Меня не бьют, но особо со мной и не церемонятся, берут с моей парты, что захочется. Нина отобрала у меня перышко «ласточка», которое я, по примеру других, подточила наискось о каменный подоконник, чтобы почерк получался с мягким нажимом, и дала мне вместо него «лягушку», которая кляксит и царапает бумагу. И я малодушно смолчала.
Вера Михайловна через некоторое время пересадила меня к другой девочке, Лене Короленко. С ней мы разговариваем и даже вместе возвращаемся из школы — нам по дороге до ее одноэтажного флигеля возле детской поликлиники на улице Щукина. Она показала мне свое окно и дверь со стороны садика, но в гости не позвала, хотя между нами завязалось какое-то подобие дружбы, отчасти потому, что она тоже плохо учится.
Частые медицинские комиссии — проверка на вшивость. Вшивых стригут машинкой наголо в медицинском кабинете.
Серые, очень вкусные бублики, которые Вера Михайловна приносит из буфета, нанизав на веревочку, и раздает на большой перемене.

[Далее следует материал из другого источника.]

Definition zpow (x : Zp) (k : nat) : Zp := iter k (zmul x) (zone x).

Lemma div_mod_shift (hp : 0 < p) a n :
  (a %% p ^ n.+1) %/ p = a %/ p %[mod p ^ n].
Proof.
rewrite {2}(divn_eq a (p ^ n.+1)) expnSr mulnA divnMDl //.
by rewrite modnMDl.
Qed.

(** floor division by p: (x / p)_n = x_{n+1} div p; exact when p | x *)
Definition zshift (x : Zp) : Zp.
Proof.
refine (@mk (zp_pos x) (fun n => zval x n.+1 %/ p) _).
move=> n; rewrite -(zcompat x n.+1).
by rewrite div_mod_shift // (zp_pos x).
Defined.

Definition delta (a : Zp) : Zp := zshift (zsub a (zpow a p)).

Definition restricted1 (c : nat -> Zp) : Prop :=
  forall n, exists N, forall j, N <= j -> zval (c j) n = 0.

Definition eval1 (c : nat -> Zp) (u y : Zp) : Prop :=
  forall n, exists N, forall M, N <= M ->
    zval y n = (\sum_(j < M) zval (c j) n * zval u n ^ j) %% p ^ n.

Definition mdeg (k : nat) (alpha : {ffun 'I_k.+1 -> nat}) : nat :=
  \sum_(i < k.+1) alpha i.

Definition restricted (k : nat) (F : {ffun 'I_k.+1 -> nat} -> Zp) : Prop :=
  forall n, exists N, forall alpha, N <= mdeg alpha -> zval (F alpha) n = 0.

Definition eval (k : nat) (F : {ffun 'I_k.+1 -> nat} -> Zp)
    (xs : 'I_k.+1 -> Zp) (y : Zp) : Prop :=
  forall n, exists N, forall M, N <= M ->
    zval y n =
      (\sum_(alpha : {ffun 'I_k.+1 -> 'I_M.+1} | \sum_(i < k.+1) (alpha i : nat) <= M)
          zval (F [ffun i => nat_of_ord (alpha i)]) n *
          \prod_(i < k.+1) zval (xs i) n ^ (alpha i)) %% p ^ n.

Definition arith_diff_op (m : nat) (f : Zp -> Zp) : Prop :=
  exists F : {ffun 'I_m.+1 -> nat} -> Zp,
    restricted F /\
    forall a : Zp, eval F (fun i : 'I_m.+1 => iter i delta a) (f a).

Definition analytic_level (m : nat) (f : Zp -> Zp) : Prop :=
  forall a : Zp, exists c : nat -> Zp,
    restricted1 c /\
    forall u : Zp, eval1 c u (f (zadd a (zmul (zofnat a (p ^ m)) u))).

End Padic.

(* Write a = r + p^m u with 0 <= r < p^m.  Membership of a in the ball r + p^m Z_p is
   decided by the residues mod p of a, delta a, ..., delta^(m-1) a; the indicator of
   "delta^i a = delta^i r mod p" is 1 - (delta^i a - delta^i r)^(p-1) mod p, and Newton's
   idempotent iteration lifts it to any p-adic precision, as a polynomial in the delta^j a.
   Inside the ball, u is recovered to any precision as a polynomial in a, ..., delta^m a
   from delta (c + p^(h+1) u) = delta c + p^h (u - p V(u)).  Summing, over r, the ball
   indicator times the truncated expansion of f around r evaluated at u gives polynomials
   Q_n with Q_n(a, ..., delta^m a) = f a mod p^n and Q_(n+1) = Q_n mod p^n coefficientwise;
   their coefficientwise limit is the required restricted power series. *)

From HB Require Import structures.
From mathcomp Require Import all_boot all_algebra.
From mathcomp Require Import boolp ring.
From mathcomp Require Import mpoly.
From Pilot Require Import Defs.

Set Implicit Arguments.
Unset Strict Implicit.
Unset Printing Implicit Defensive.

Import GRing.Theory.

Local Open Scope ring_scope.

(** * Congruences modulo powers of p *)

Definition pcong (p : nat) (R : pzRingType) (k : nat) (x y : R) :=
  exists z, x - y = (p ^ k)%:R * z.

Section Congruence.
Variables (p : nat) (R : comNzRingType).
Implicit Types x y z : R.
Local Notation pcong := (@pcong p R).

Lemma pcong_refl k x : pcong k x x.
Proof. by exists 0; rewrite subrr mulr0. Qed.

Lemma pcong_eq k x y : x = y -> pcong k x y.
Proof. by move=> ->; apply: pcong_refl. Qed.

Lemma pcong_sym k x y : pcong k x y -> pcong k y x.
Proof. by case=> z e; exists (- z); rewrite mulrN -e opprB. Qed.

Lemma pcong_trans k x y z : pcong k x y -> pcong k y z -> pcong k x z.
Proof. by case=> a ea [b eb]; exists (a + b); rewrite mulrDr -ea -eb addrA subrK. Qed.
(* Let $G$ be an ADMG and let $\{x,y\}$, $Z$, $W$ be pairwise disjoint node sets of $G$ (with $x\neq y$ nodes). Then $(Z,W)$ is a valid conditional instrumental set relative to $(x,y)$ in $G$ if and only if all of the following hold: (i) there is no directed path from $x$ to $y$ that contains a node in $W$; (ii) there exists a walk from some node of $Z$ to $x$ that is open given $W$; (iii) there is no walk from a node of $Z$ to $y$ that is open given $W$ and does not end with a segment of the form $x\to\cdots\to y$ (a walk $v_1,\dots,v_r$ with edges $e_1,\dots,e_{r-1}$ ends with such a segment if there is an index $i$ with $v_i=x$ and every edge $e_j$, $j\ge i$, is of the form $v_j\to v_{j+1}$).
   Context: An ADMG $G$ has a finite node set $V$, directed edges $u\to v$ and bidirected edges $u\leftrightarrow v$, such that the subgraph of directed edges has no directed cycle. A walk is a sequence of nodes $v_1,\dots,v_r$ with edges $e_1,\dots,e_{r-1}$, $e_i$ joining $v_i$ and $v_{i+1}$ (nodes may repeat); a path is a walk with distinct nodes. A walk is directed from $v_1$ to $v_r$ if each $e_i$ is $v_i\to v_{i+1}$. $u$ is a parent of $v$ if $u\to v$; $\mathrm{de}_G(v)$ ($\mathrm{an}_G(v)$) is the set of nodes reachable from $v$ by a directed path (from which $v$ is reachable by a directed path), including $v$ itself; for sets take unions. A non-endpoint occurrence $v_i$ ($1<i<r$) on a walk is a collider if both $e_{i-1}$ and $e_i$ have an arrowhead at $v_i$ (each is of the form $\cdot\to v_i$ or $\cdot\leftrightarrow v_i$); otherwise it is a non-collider. A walk is open given $W$ if every collider on it is in $W$ and every non-collider is not in $W$. For disjoint sets $A,B,W$, $A\not\perp_G B\mid W$ (d-connected) if some walk from a node of $A$ to a node of $B$ is open given $W$; otherwise $A\perp_G B\mid W$. Let $\mathrm{causal}_G(x,y)=(\mathrm{de}_G(x)\cap\mathrm{an}_G(y))\setminus\{x\}$ and $\mathrm{forb}_G(x,y)=\mathrm{de}_G(\mathrm{causal}_G(x,y))\cup\{x\}$. Let $\tilde G$ be $G$ with all directed edges $x\to c$, $c\in\mathrm{causal}_G(x,y)$, removed. For pairwise disjoint $\{x,y\},Z,W$, $(Z,W)$ is a valid conditional instrumental set relative to $(x,y)$ in $G$ iff (a) $(Z\cup W)\cap\mathrm{forb}_G(x,y)=\emptyset$, (b) $x\not\perp_G Z\mid W$, and (c) $y\perp_{\tilde G} Z\mid W$. *)

From mathcomp Require Import all_boot.
Set Implicit Arguments. Unset Strict Implicit. Unset Printing Implicit Defensive.

Record ADMG (V : finType) := MkADMG {
  dir : rel V;
  bid : rel V;
  bid_sym : symmetric bid;
  bid_irr : irreflexive bid;
  dir_acyclic : forall u v, dir u v -> ~~ connect dir v u
}.

(* Kind of the edge e_i joining v_i and v_(i+1):
   Fwd : v_i -> v_(i+1);  Bwd : v_i <- v_(i+1);  Bid : v_i <-> v_(i+1). *)
Inductive etype := Fwd | Bwd | Bid.
(* A nondegenerate critical point: g' grows like (g''(x0)/2) (x - x0), so
   |g'| >= m r beyond x0 + r and van der Corput gives 4/(t m r) <= (4/m) r. *)
Lemma right_decay_critical_point : g2 x0 > 0 -> g1 x0 = 0 -> right_decay g q x0.
Proof.
  intros Hpos Hcrit; set (m := g2 x0 / 2).
  assert (Hm : 0 < m) by (unfold m; lra).
  destruct (derive_linearization g1 x0 (g2 x0) (proj1 (is_derive_Reals _ _ _) (proj2 HD x0))
              m Hm) as [del [Hdel Hlin]].
  exists (Rmin e0 del); split; [apply Rmin_pos; lra|].
  intros b Hb1 Hb2; pose proof (Rmin_l e0 del); pose proof (Rmin_r e0 del).
  apply (decay_on_of_far_part g g1 g2 q x0 b (4 / m)); auto; try lra.
  { left; apply Rdiv_lt_0_compat; lra. }
  intros t Ht Far; pose proof (decay_rate_pos q t) as Hr.
  eapply osc_bound_weaken; [|apply (van_der_corput_first g g1 g2 _ b t (m * decay_rate q t))].
  - replace (4 / (t * (m * decay_rate q t))) with (4 / m * / (t * decay_rate q t))
      by (field; repeat split; lra).
    apply Rmult_le_compat_l; [left; apply Rdiv_lt_0_compat; lra|].
    apply inv_mul_le_decay_rate; lra.
  - exact HD.
  - lra.
  - lra.
  - apply Rmult_lt_0_compat; lra.
  - intros; apply Hconvex; lra.
  - intros x Hx; specialize (Hlin x ltac:(rewrite Rabs_pos_eq; lra)).
    rewrite Hcrit, (Rabs_pos_eq (x - x0)) in Hlin by lra.
    apply Rabs_le_between in Hlin; unfold m in *.
    assert (g2 x0 / 2 * decay_rate q t <= g2 x0 / 2 * (x - x0))
      by (apply Rmult_le_compat_l; lra).
    rewrite Rabs_pos_eq; lra.
Qed.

Уроки военного дела в гулком физкультурном зале: военрук Михал Михалыч в гимнастерке с засунутым за пояс пустым рукавом командует нам, второклашкам: «Ряды сдвой! Ряды стройся!» «Нале… ву!»

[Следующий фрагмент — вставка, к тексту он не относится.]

(* A truth-table check in which boxed subformulas are atoms compared
   syntactically; hence the occasional [change] folding a hypothesis into the
   shape the goal has after [simpl]. *)
Ltac prop_taut :=
  let v := fresh "v" in
  intro v; simpl;
  repeat match goal with |- context [if ?c then _ else _] => case c; simpl end;
  rewrite ?heval_untr_qconj;
  repeat match goal with
  | H : (_ <=? _) = _ |- _ => rewrite H
  | |- context [?m <=? ?n] => destruct (m <=? n)
  | |- context [heval v ?F] => destruct (heval v F)
  | |- context [v ?F] => destruct (v F)
  end; reflexivity.

Lemma bigbox_leveled f : leveled f -> leveled (bigbox f).
Proof. intros Hf k; induction k as [|k [W B]]; wf_auto. Qed.

Lemma box_at_leveled b f : leveled f -> leveled (box_at b f).
Proof.
  intros Hf k; destruct (bigbox_leveled f Hf k); destruct b; wf_auto.
Qed.

Lemma untr_leveled b C : leveled (untr b C).
Proof.
  induction C as [[p|i]| | |C IH|C1 IH1 C2 IH2|C1 IH1 C2 IH2|C1 IH1 C2 IH2|C IH];
    intro k; cbn [untr wf boxes_below].
  1: tauto.
  1: destruct (i <=? k); cbn; tauto.
  1-2: tauto.
  1: apply IH.
  1-3: destruct (IH1 k), (IH2 k); tauto.
  apply box_at_leveled, IH.
Qed.

#[local] Hint Resolve bigbox_leveled box_at_leveled untr_leveled : wf.

Section Derivations.

Variable X : hform -> Prop.
Hypothesis X_H : forall A, axH A -> X A.
Hypothesis X_K : forall A, axK A -> X A.
Hypothesis X_4 : forall A, ax4 A -> X A.

Lemma taut_mp_list (l : list hform) C :
  Forall (Lh X) l -> wf C -> htaut (fold_right HImp C l) -> Lh X C.
Proof.
  intros Hl WC Ht.
  assert (W : wf (fold_right HImp C l)).
  { clear Ht; induction Hl; cbn; [exact WC | split; [eapply Lh_wf|]; eauto]. }
  pose proof (Lh_taut X _ W Ht) as H; clear W Ht.
  induction Hl as [|B l HB Hl IH]; cbn in H; [exact H|].
  apply IH, (Lh_mp X B); assumption.
Qed.

Lemma taut_mp1 A C : Lh X A -> wf C -> htaut (HImp A C) -> Lh X C.
Proof. intros; apply (taut_mp_list [A]); auto. Qed.

Lemma taut_mp2 A B C :
  Lh X A -> Lh X B -> wf C -> htaut (HImp A (HImp B C)) -> Lh X C.
Proof. intros; apply (taut_mp_list [A; B]); auto. Qed.

Lemma taut_mp3 A B D C :
  Lh X A -> Lh X B -> Lh X D -> wf C ->
  htaut (HImp A (HImp B (HImp D C))) -> Lh X C.
Proof. intros; apply (taut_mp_list [A; B; D]); auto. Qed.

Lemma taut_mp4 A B D E C :
  Lh X A -> Lh X B -> Lh X D -> Lh X E -> wf C ->
  htaut (HImp A (HImp B (HImp D (HImp E C)))) -> Lh X C.
Proof. intros; apply (taut_mp_list [A; B; D; E]); auto. Qed.

Lemma Lh_H n A : wf A -> boxes_below n A -> Lh X (HImp (HBox n A) (HBox (S n) A)).
Proof. intros; apply Lh_ax; [wf_auto | apply X_H; constructor]. Qed.

Lemma Lh_K n A B : wf A -> wf B -> boxes_below n A -> boxes_below n B ->
  Lh X (HImp (HBox n (HImp A B)) (HImp (HBox n A) (HBox n B))).
Proof. intros; apply Lh_ax; [wf_auto | apply X_K; constructor]. Qed.

Lemma Lh_4 n A : wf A -> boxes_below n A -> Lh X (HImp (HBox n A) (HBox (S n) (HBox n A))).
Proof. intros; apply Lh_ax; [wf_auto | apply X_4; constructor]. Qed.

Lemma Lh_box_top n : Lh X (HBox n HTop).
Proof. apply Lh_nec; [apply Lh_taut; [exact I | prop_taut] | exact I]. Qed.

Lemma box_mono n A B : Lh X (HImp A B) -> boxes_below n A -> boxes_below n B ->
  Lh X (HImp (HBox n A) (HBox n B)).
Proof.
  intros H BA BB; destruct (Lh_wf _ _ H) as [WA WB].
  apply (Lh_mp X (HBox n (HImp A B))); [apply Lh_nec; wf_auto | apply Lh_K; assumption].
Qed.

Lemma box_and n A B : wf A -> wf B -> boxes_below n A -> boxes_below n B ->
  Lh X (HImp (HBox n A) (HImp (HBox n B) (HBox n (HAnd A B)))).
Proof.
  intros WA WB BA BB.
  assert (pair : Lh X (HImp A (HImp B (HAnd A B)))) by (apply Lh_taut; [wf_auto | prop_taut]).
  pose proof (box_mono n _ _ pair BA ltac:(wf_auto)) as h1.
  pose proof (Lh_K n B (HAnd A B) WB ltac:(wf_auto) BB ltac:(wf_auto)) as h2.
  apply (taut_mp2 _ _ _ h1 h2); [wf_auto | prop_taut].
Qed.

Я не понимаю, что такое «сдвой», вместо налево поворачиваюсь направо.
Надо мной в классе смеются.
Некоторые девочки приносят с собой свертки с завтраками. На большой перемене аппетитно пахнет бутербродами с колбасой. Близсидящие девочки иногда не выдерживают, просят: «дай откусить!» Многие дают. Только у Аллы Лухмановой никто не просит, знают, что не даст. А какие она приносит завтраки, прямо слюнки текут — белый хлеб с маслом и с черной икрой! Мандарины!
Однажды кто-то украл у Аллы завтрак. Алла ревела и требовала, чтобы все открыли портфели, а она бы прошла по рядам и обыскала их. Хотя что могло остаться от съеденного завтрака? Разве только запах мандарина.

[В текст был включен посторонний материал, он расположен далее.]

(* A set $A\subseteq2^\omega$ is $\mathcal T$-clopen (i.e. $A$ is measurable, $\Phi(A)=A$ and $\Phi(2^\omega\setminus A)=2^\omega\setminus A$) if and only if $A=\Phi(B)$ for some dualistic measurable $B$, if and only if $A\in\mathrm{ran}(\Phi)$ and $A$ is dualistic. Moreover the family of $\mathcal T$-clopen sets is a proper subfamily of $\{\Phi(B): B\text{ measurable}\}\cap\boldsymbol{\Delta}^0_2$.
   Context: $2^\omega$ is the Cantor space; $N_s=\{x:s\subset x\}$; $\mu$ the coin-tossing measure with $\mu(N_s)=2^{-\mathrm{lh}(s)}$. For measurable $A$ and $x$, $\mathcal D_A(x)=\lim_n\mu(A\cap N_{x\restriction n})/\mu(N_{x\restriction n})$ when it exists; $\Phi(A)=\{x:\mathcal D_A(x)=1\}$; $\mathrm{ran}(\Phi)=\{\Phi(B):B\text{ measurable}\}$. A measurable $B$ is dualistic if $\mathcal D_B(x)$ exists and belongs to $\{0,1\}$ for every $x$. $\boldsymbol{\Delta}^0_2$: sets both $F_\sigma$ and $G_\delta$. *)

From Stdlib Require Import Reals List Classical ClassicalEpsilon.
Open Scope R_scope.

Definition Cantor := nat -> bool.
Definition cset := Cantor -> Prop.

Definition set_eq (A B : cset) : Prop := forall x, A x <-> B x.
Definition inter (A B : cset) : cset := fun x => A x /\ B x.
Definition compl (A : cset) : cset := fun x => ~ A x.
Definition diff (A B : cset) : cset := fun x => A x /\ ~ B x.
Lemma realized_iff j r p : large_classes_infinite U k ->
  (realized U k j r p <-> realizable U k j r p).
Proof.
  intros B. split.
  - intros [x [Hx [<- [<- <-]]]]. split.
    + apply count_value_iff. exists (least_elt U x).
      split; [now apply least_of_type_least_elt|reflexivity].
    + apply (has_elts_iff_type U k x _ B Hx), count_value_iff.
      exists x. split; [now apply in_class_refl|reflexivity].
  - intros [Hl Hp]. apply count_value_iff in Hl. destruct Hl as [w [Pw Cw]].
    unfold least_of_type, is_least in Pw. apply andb_prop in Pw. destruct Pw as [Pw Tw].
    apply andb_prop in Pw. destruct Pw as [Uw Lw]. apply Nat.eqb_eq in Tw, Lw.
    assert (Hw : has_elts U w (S p)) by (apply (has_elts_iff_type U k w p B Uw); rewrite Tw; auto).
    apply count_value_iff in Hw. destruct Hw as [x [Ix Cx]]. destruct (in_classP Ix) as [Ux Rx].
    exists x. split; auto.
    assert (Tx : class_type U k x = j) by (rewrite <- Tw; symmetry; apply class_type_ext; auto).
    assert (Lx : least_elt U x = w) by (rewrite <- Lw; symmetry; apply least_elt_ext; auto).
    repeat split; auto.
    + unfold class_rank. now rewrite Tx, Lx.
    + unfold class_pos, class_count. rewrite <- Cx. apply count_ext.
      intros v _. symmetry. apply in_class_ext; auto.
Qed.

End Invariants.

Lemma large_classes_infinite_of_bound U k : is_equivalence_structure U ->
  (forall x, univ U x = true -> finite_set (eq_class U x) ->
     forall l, NoDup l -> (forall y, In y l -> eq_class U x y) -> length l <= k) ->
  large_classes_infinite U k.
Proof.
  intros EQ B x Hx [l0 [D0 [L0 H0]]].
  assert (NF : ~ finite_set (eq_class U x)).
  { intros F. enough (length l0 <= k) by lia.
    apply (B x Hx F l0 D0). intros y Hy. destruct (in_classP (H0 y Hy)). split; auto. }
  induction n as [|n [l [D [L H]]]].
  - exists []. repeat split; auto. constructor.
  - destruct (classic (exists y, eq_class U x y /\ ~ In y l)) as [[y [[Uy Ry] Hn]]|N].
    + exists (y :: l). repeat split; [constructor; auto|simpl; auto|].
      intros w [<-|Hw]; auto. unfold in_class. now rewrite Uy, Ry.
    + exfalso. apply NF. exists l. intros y Hy. apply NNPP. intros Ny. eauto.
Qed.

Section Isomorphism.
Context {U V : structure} {h : nat -> nat}.
Hypothesis I : is_isomorphism U V h.

Lemma isomorphism_inverse : exists g, is_isomorphism V U g /\
  (forall x, univ U x = true -> g (h x) = x) /\ (forall y, univ V y = true -> h (g y) = y).
Proof.
  destruct I as [[Hu [Hi Hr]] Hs].
  set (g := fun y => epsilon (inhabits 0) (fun x => univ U x = true /\ h x = y)).
  assert (G : forall y, univ V y = true -> univ U (g y) = true /\ h (g y) = y)
    by (intros y Hy; apply (epsilon_spec (inhabits 0) (fun x => univ U x = true /\ h x = y)); auto).
  exists g. split; [split; [split; [|split]|]|split].
  - intros y Hy. apply G; auto.
  - intros y y' Hy Hy' E. rewrite <- (proj2 (G y Hy)), <- (proj2 (G y' Hy')), E. auto.
  - intros y y' Hy Hy'. rewrite <- (proj2 (G y Hy)) at 1. rewrite <- (proj2 (G y' Hy')) at 1.
    symmetry. apply Hr; apply G; auto.
  - intros x Hx. exists (h x). split; auto. apply Hi; auto; apply G; auto.
  - intros x Hx. apply Hi; auto; apply G; auto.
  - intros y Hy. apply G; auto.
Qed.

Lemma isomorphism_equivalence : is_equivalence_structure U -> is_equivalence_structure V.
Proof.
  destruct I as [[Hu [Hi Hr]] Hs]. intros [R [Sy Tr]]. split; [|split].
  - intros y Hy. destruct (Hs y Hy) as [x [Hx <-]]. rewrite <- Hr; auto.
  - intros y y' Hy Hy' E. destruct (Hs y Hy) as [x [Hx <-]], (Hs y' Hy') as [x' [Hx' <-]].
    rewrite <- Hr in *; auto.
  - intros y y' y'' Hy Hy' Hy'' E E'.
    destruct (Hs y Hy) as [x [Hx <-]], (Hs y' Hy') as [x' [Hx' <-]], (Hs y'' Hy'') as [x'' [Hx'' <-]].
    rewrite <- Hr in *; eauto.
Qed.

Вера Михайловна сказала Алле:
— А ну, сядь на свое место и не реви! Обыскивать — ишь чего вздумала!
— Все равно я папе скажу! — запальчиво крикнула Алла. — Я знаю, кто украл!
— Знаешь? Ну, говори, кто!
Алла, понизив голос, сказала:
— Я вам потом скажу. На перемене.
— А ну, выйди сюда, — приказала Вера Михайловна.
Алла вышла.
— Я доносов не люблю, — сказала учительница. — Доносчик для меня — последний человек. Кто украл, сам скажет, если не трус.
Встала худенькая, бледная до голубизны Ира Феоктистова и сказала:
— Это я…
Вера Михайловна была резковата, редко улыбалась, рассердившись, могла выдернуть провинившуюся за руку из-за парты, поставить у доски. Но когда Ира Феоктистова в своем линялом ситцевом платочке, закрывшем наголо остриженную голову, жалким голоском призналась, что это она украла, Вера Михайловна вдруг заплакала.
Такой она и стоит до сих пор у меня перед глазами: один ботинок перевязан веревочкой, чтобы не отставала подошва. Кисти рук обмороженные, красные, шелушащиеся. Углы губ опустились, она судорожно глотала, вытирала щеки опухшими пальцами. Она отошла к окну, несколько минут постояла спиной к нам, а когда обернулась — лицо ее было хмурым, но спокойным.